To be scientifically accurate, the irreversible component of peatland conversion is an assumption, wanting of sufficient evidence from “the field” due to the recent nature of large-scale exploitation.  But any ecosystem we see today is a product of its evolving past; a period over which it has encountered disturbances and presented a response.  From these patterns of responses, we can measure the resilience of the ecosystem (Cole et al., 2014) and develop hypotheses as to how it may respond to future disturbances.  In its simplest form, resilience is described as the ability of an ecosystem to maintain its structure and function despite perturbation (Holling, 1973).

How resilient are peatlands?  Specifically, how have the tropical peat swamp forests of Southeast Asia responded to disturbance in the past?  We sought to answer these questions for the coastal peatlands of Sarawak, in Malaysian Borneo (Cole et al., 2015) (Fig. 2).

The plug is rapidly being pulled on these sweaty, mosquito-ridden jungles as industrial-scale agriculture spreads like wildfire across the region.  Dipterocarp forests, rich in a variety of fruit-bearing trees, ‘black-water’-adapted fish and nimble mammals, are being drained, flattened and converted into monoculture landscapes where oil palms (Elaeis guineensis) can quickly bring economic profit to even the inexperienced farmer.  Though wild-fires themselves are in fact a rare phenomenon in intact peatlands, the recent elevation in burning has been blamed primarily on the recent expansion of agriculture, and brought huge environmental, health and political challenges to the region.  But how frequent were fires in the past?  And what impact did they have on the vegetation?

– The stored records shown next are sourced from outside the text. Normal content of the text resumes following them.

Lemma is_derive_rho2 s1 s2 : is_derive (fun t => rho s1 t) s2 (2 * s2).
Proof. unfold rho. auto_derive; [auto|ring]. Qed.

Lemma is_derive_acos_ratio s1 s2 : D_int s1 s2 ->
  is_derive acos (s1 / sqrt (rho s1 s2)) (-1 / (s2 / sqrt (rho s1 s2))).
Proof.
  intros HD. rewrite <- (sin_theta s1 s2 HD). unfold theta.
  rewrite sin_acos by (pose proof (cos_ratio_bound s1 s2 HD); lra).
  apply is_derive_acos, cos_ratio_bound, HD.
Qed.

Lemma is_derive_phase1 s1 s2 : D_int s1 s2 ->
  is_derive (fun t => phase t s2) s1 (- sqrt 2 * s2 / rho s1 s2).
Proof.
  intros HD. pose proof (rho_pos s1 s2 HD). pose proof (sqrt_rho_pos s1 s2 HD).
  pose proof (sqrt_rho_sq s1 s2 HD) as Hr2.
  pose proof (is_derive_acos_ratio s1 s2 HD) as HA. pose proof (is_derive_rho1 s1 s2) as HR.
  destruct HD as [Hs2 _].
  unfold phase, theta. auto_derive.
  - repeat split; try (eexists; eassumption); lra.
  - derive_subst HR. derive_subst HA.
    assert (E : s1 ^ 2 = sqrt (rho s1 s2) ^ 2 - s2 ^ 2) by (rewrite Hr2; unfold rho; ring).
    set (r := sqrt (rho s1 s2)) in *. clearbody r. rewrite <- Hr2.
    field_simplify; try lra. rewrite E. field. lra.
Qed.

Lemma is_derive_phase2 s1 s2 : D_int s1 s2 ->
  is_derive (fun t => phase s1 t) s2 (sqrt 2 * s1 / rho s1 s2).
Proof.
  intros HD. pose proof (rho_pos s1 s2 HD). pose proof (sqrt_rho_pos s1 s2 HD).
  pose proof (sqrt_rho_sq s1 s2 HD) as Hr2.
  pose proof (is_derive_acos_ratio s1 s2 HD) as HA. pose proof (is_derive_rho2 s1 s2) as HR.
  destruct HD as [Hs2 _].
  unfold phase, theta. auto_derive.
  - repeat split; try (eexists; eassumption); lra.
  - derive_subst HR. derive_subst HA.
    set (r := sqrt (rho s1 s2)) in *. clearbody r. rewrite <- Hr2. field. lra.
Qed.

Lemma D_int_locally1 s1 s2 : D_int s1 s2 -> locally s1 (fun t => D_int t s2).
Proof.
  unfold D_int. intros [Hs2 Hu]. set (u := u_slope) in *.
  pose proof (Rabs_pos u).
  apply (locally_interval s1 ((s2 - u * s1) / (Rabs u + 1))).
  { apply Rdiv_lt_0_compat; lra. }
  intros t Ht. split; [assumption|].
  assert (u * (t - s1) <= Rabs u * Rabs (t - s1)) by (rewrite <- Rabs_mult; apply Rle_abs).
  assert (Rabs u * Rabs (t - s1) <= Rabs u * ((s2 - u * s1) / (Rabs u + 1)))
    by (apply Rmult_le_compat_l; lra).
  assert (Rabs u * ((s2 - u * s1) / (Rabs u + 1)) < s2 - u * s1)
    by (apply Rmult_lt_reg_r with (Rabs u + 1); [lra|]; field_simplify; nra).
  lra.
Qed.

Lemma D_int_locally2 s1 s2 : D_int s1 s2 -> locally s2 (fun t => D_int s1 t).
Proof.
  unfold D_int. intros [Hs2 Hu].
  apply (locally_interval s2 (Rmin s2 (s2 - u_slope * s1))); [apply Rmin_glb_lt; lra|].
  intros t Ht. apply Rabs_def2 in Ht.
  pose proof (Rmin_l s2 (s2 - u_slope * s1)). pose proof (Rmin_r s2 (s2 - u_slope * s1)).
  split; lra.
Qed.

(* F = |q|^2 - div q in polar form (rho, c = cos phase, S = sin phase): with
   q = a s + b J s one has |q|^2 = rho (a^2 + b^2) and
   div q = 2 rho da/drho + 2 a + sqrt2 db/dphase. *)
Definition Fpolar beta delta alpha g rh c S :=
  let x := (1 + c) / 2 in
  let a := radial_coef beta delta alpha g rh c in
  let b := angular_coef beta delta alpha g rh c S in
  let a_rho := -1 / rh ^ 2 + g * competition alpha x / 4 in
  let sel := selgrowth beta delta x - g * rh / 2 * selcomp alpha x in
  let dsel := dselgrowth beta delta - g * rh / 2 * dselcomp alpha x in
  let b_phase := (c * sel - S ^ 2 * dsel / 2) / 2 - (S ^ 2 + c ^ 2) / (rh * S ^ 2) in
  rh * (a ^ 2 + b ^ 2) - (2 * rh * a_rho + 2 * a + b_phase).

Section FPolarForm.
Variables (g : R) (beta delta : nat -> R) (alpha : nat -> nat -> R) (Q : R -> R -> R).
Hypothesis Hg : 0 < g.
Hypothesis HQ : forall s1 s2 : R, D_int s1 s2 ->
  derivable_pt_lim (fun t => Q t s2) s1 (q1 g beta delta alpha s1 s2) /\
  derivable_pt_lim (fun t => Q s1 t) s2 (q2 g beta delta alpha s1 s2).

Let a := acoef g beta delta alpha.
Let b := bcoef g beta delta alpha.

Lemma d1Q_polar s1 s2 : D_int s1 s2 -> d1 Q s1 s2 = a s1 s2 * s1 - b s1 s2 * s2.
Proof.
  intros HD. unfold a, b. rewrite <- (proj1 (q_polar g beta delta alpha s1 s2 Hg HD)).
  apply derive1_is_derive, is_derive_Reals, HQ, HD.
Qed.

Lemma d2Q_polar s1 s2 : D_int s1 s2 -> d2 Q s1 s2 = a s1 s2 * s2 + b s1 s2 * s1.
Proof.
  intros HD. unfold a, b. rewrite <- (proj2 (q_polar g beta delta alpha s1 s2 Hg HD)).
  apply derive1_is_derive, is_derive_Reals, HQ, HD.
Qed.

Lemma F_polar s1 s2 : D_int s1 s2 ->
  Ffun Q s1 s2 = Fpolar beta delta alpha g (rho s1 s2) (cos (phase s1 s2)) (sin (phase s1 s2)).
Proof.
  intros HD.
  pose proof (rho_pos s1 s2 HD). pose proof (sin_phase_pos s1 s2 HD). pose proof sqrt2_bounds.
  pose proof (is_derive_phase1 s1 s2 HD) as P1. pose proof (is_derive_rho1 s1 s2) as R1.
  pose proof (is_derive_phase2 s1 s2 HD) as P2. pose proof (is_derive_rho2 s1 s2) as R2.
  set (x := (1 + cos (phase s1 s2)) / 2).
  pose proof (ex_derive_netgrowth beta delta x). pose proof (ex_derive_competition alpha x).
  pose proof (is_derive_selgrowth beta delta x) as S0.
  pose proof (is_derive_selcomp alpha x) as S1.
  evar (l1 : R). assert (HE1 : is_derive (fun t => a t s2 * t - b t s2 * s2) s1 l1).
  { unfold a, b, acoef, bcoef, radial_coef, angular_coef. auto_derive.
    - repeat split; try (eexists; eassumption); auto; apply Rgt_not_eq;
        repeat apply Rmult_lt_0_compat; lra.
    - subst l1; reflexivity. }
  evar (l2 : R). assert (HE2 : is_derive (fun t => a s1 t * t + b s1 t * s1) s2 l2).
  { unfold a, b, acoef, bcoef, radial_coef, angular_coef. auto_derive.
    - repeat split; try (eexists; eassumption); auto; apply Rgt_not_eq;
        repeat apply Rmult_lt_0_compat; lra.
    - subst l2; reflexivity. }
  assert (D11 : d1 (d1 Q) s1 s2 = l1).
  { unfold d1 at 1. eapply derive1_locally; [|exact HE1].
    generalize (D_int_locally1 s1 s2 HD). apply filter_imp. intros t Ht.
    symmetry. apply d1Q_polar, Ht. }
  assert (D22 : d2 (d2 Q) s1 s2 = l2).
  { unfold d2 at 1. eapply derive1_locally; [|exact HE2].
    generalize (D_int_locally2 s1 s2 HD). apply filter_imp. intros t Ht.
    symmetry. apply d2Q_polar, Ht. }
  unfold Ffun. rewrite D11, D22, d1Q_polar, d2Q_polar by auto. subst l1 l2.
  repeat derive_subst P1. repeat derive_subst R1. repeat derive_subst P2.
  repeat derive_subst R2. repeat derive_subst S0. repeat derive_subst S1.
  unfold a, b, acoef, bcoef, Fpolar, radial_coef, angular_coef. unfold x, rho, Rdiv in *.
  field. lra.
Qed.
End FPolarForm.

(* Completing the squares in b and in a: the only negative contributions to
   F are -2 rho da/drho (up to its positive part 2/rho) and the x-derivative
   of the selection term. *)
Lemma Fpolar_lower beta delta alpha g rh c S : 0 < rh -> 0 < S ->
  let x := (1 + c) / 2 in
  rh * (netgrowth beta delta x - g * rh * competition alpha x / 2) ^ 2 / 4
  - g * rh * competition alpha x / 2
  + S ^ 2 * (dselgrowth beta delta - g * rh / 2 * dselcomp alpha x) / 4
  <= Fpolar beta delta alpha g rh c S.
Proof.
  intros Hr HS x.
  set (sel := selgrowth beta delta x - g * rh / 2 * selcomp alpha x).
  set (X := S * sel / 2 + c / (rh * S)).
  assert (Eb : angular_coef beta delta alpha g rh c S ^ 2 = X ^ 2 / 2).
  { pose proof sqrt2_bounds. rewrite <- sqrt2_sq.
    unfold angular_coef, X, sel. fold x. field. lra. }
  unfold Fpolar. fold x sel. rewrite Eb.
  assert (0 < S ^ 2) by (apply pow_lt; lra).
  assert (0 < rh * S ^ 2) by (apply Rmult_lt_0_compat; lra).
  assert (0 <= rh * S ^ 2 * sel ^ 2 / 8) by (pose proof (pow2_ge_0 sel); unfold Rdiv; nra).
  assert (0 <= c ^ 2 / (2 * rh * S ^ 2)) by
    (apply Rdiv_le_0_compat; [apply pow2_ge_0|lra]).
  assert (0 <= (S ^ 2 + c ^ 2) / (rh * S ^ 2)) by
    (apply Rdiv_le_0_compat; [pose proof (pow2_ge_0 c)|]; lra).
  assert (0 < 1 / rh) by (apply Rdiv_lt_0_compat; lra).
  match goal with |- ?L <= ?F => assert (E : F = L + (1 / rh + rh * S ^ 2 * sel ^ 2 / 8
      + c ^ 2 / (2 * rh * S ^ 2) + (S ^ 2 + c ^ 2) / (rh * S ^ 2))) end.
  { unfold X, sel, radial_coef. fold x. field. lra. }
  rewrite E. lra.
Qed.

Lemma continuity_of_ex_derive (f : R -> R) x : ex_derive f x -> continuity_pt f x.
Proof.
  intros [l Hl]. apply is_derive_Reals in Hl.
  apply derivable_continuous_pt. exists l. exact Hl.
Qed.

Lemma bounded_on_unit (f : R -> R) : (forall x, ex_derive f x) ->
  exists K, forall x, 0 <= x <= 1 -> Rabs (f x) <= K.
Proof.
  intros Hf.
  assert (Hc : forall x, continuity_pt f x) by (intro x; apply continuity_of_ex_derive, Hf).
  destruct (continuity_ab_maj f 0 1 ltac:(lra) (fun x _ => Hc x)) as [M1 [HM1 _]].
  destruct (continuity_ab_min f 0 1 ltac:(lra) (fun x _ => Hc x)) as [M2 [HM2 _]].
  exists (Rabs (f M1) + Rabs (f M2)). intros x Hx.
  specialize (HM1 x Hx). specialize (HM2 x Hx).
  pose proof (Rle_abs (f M1)). pose proof (Rabs_pos (f M1)).
  pose proof (Rabs_pos (f M2)). pose proof (Rabs_maj2 (f M2)).
  apply Rabs_le. split; lra.
Qed.

(* Under (H1), the competition form is bounded below by a positive constant
   on [0,1]: it is the quadratic form of alpha at (x^2, 2x(1-x), (1-x)^2). *)
Lemma competition_pos alpha x : H1 alpha -> 0 <= x <= 1 -> 0 < competition alpha x.
Proof.
  intros HH1 Hx.
  replace (competition alpha x) with
    (alpha 1%nat 1%nat * (x^2) * (x^2) + alpha 1%nat 2%nat * (x^2) * (2*x*(1-x))
     + alpha 1%nat 3%nat * (x^2) * ((1-x)^2) + alpha 2%nat 1%nat * (2*x*(1-x)) * (x^2)
     + alpha 2%nat 2%nat * (2*x*(1-x)) * (2*x*(1-x)) + alpha 2%nat 3%nat * (2*x*(1-x)) * ((1-x)^2)
     + alpha 3%nat 1%nat * ((1-x)^2) * (x^2) + alpha 3%nat 2%nat * ((1-x)^2) * (2*x*(1-x))
     + alpha 3%nat 3%nat * ((1-x)^2) * ((1-x)^2)) by (unfold competition, comp; ring).
  apply HH1; nra.
Qed.

Lemma competition_min alpha : H1 alpha ->
  exists a0, 0 < a0 /\ forall x, 0 <= x <= 1 -> a0 <= competition alpha x.
Proof.
  intros HH1.
  assert (Hc : forall x, continuity_pt (competition alpha) x)
    by (intro x; apply continuity_of_ex_derive, ex_derive_competition).
  destruct (continuity_ab_min _ 0 1 ltac:(lra) (fun x _ => Hc x)) as [m [Hm Hm01]].
  exists (competition alpha m). split; [apply competition_pos|]; auto.
Qed.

Unlike in the temperate zone, tropical peat swamps are naturally forested.  It is the pollen grains and fern spores produced by this vegetation that provide the answers to our questions and insights into the resilience of these ecosystems.  Fossilised grains, deposited tens to millions of years in the past, are one of the primary datasets available in palaeoecology.  Often referred to as (the less archaic-sounding) long-term ecology, the discipline extends the scope of ‘short-term’ ecology through using deposited remains to study plants and animals and their interactions with the environments of the past.

We used pollen grains, fern spores and fossil charcoal to explore drivers and impacts of disturbance in three peatland areas in northern Borneo.  Peat cores were collected from three coastal sites in Sarawak (Fig. 2), where peat extends over approximately 13% of the States’ land surface.  The depths of the cores ranged from c. 1.5 to 3m, and radiocarbon dating of sediment samples from each demonstrated that they covered a period of 2000 to 7000 years before present (BP).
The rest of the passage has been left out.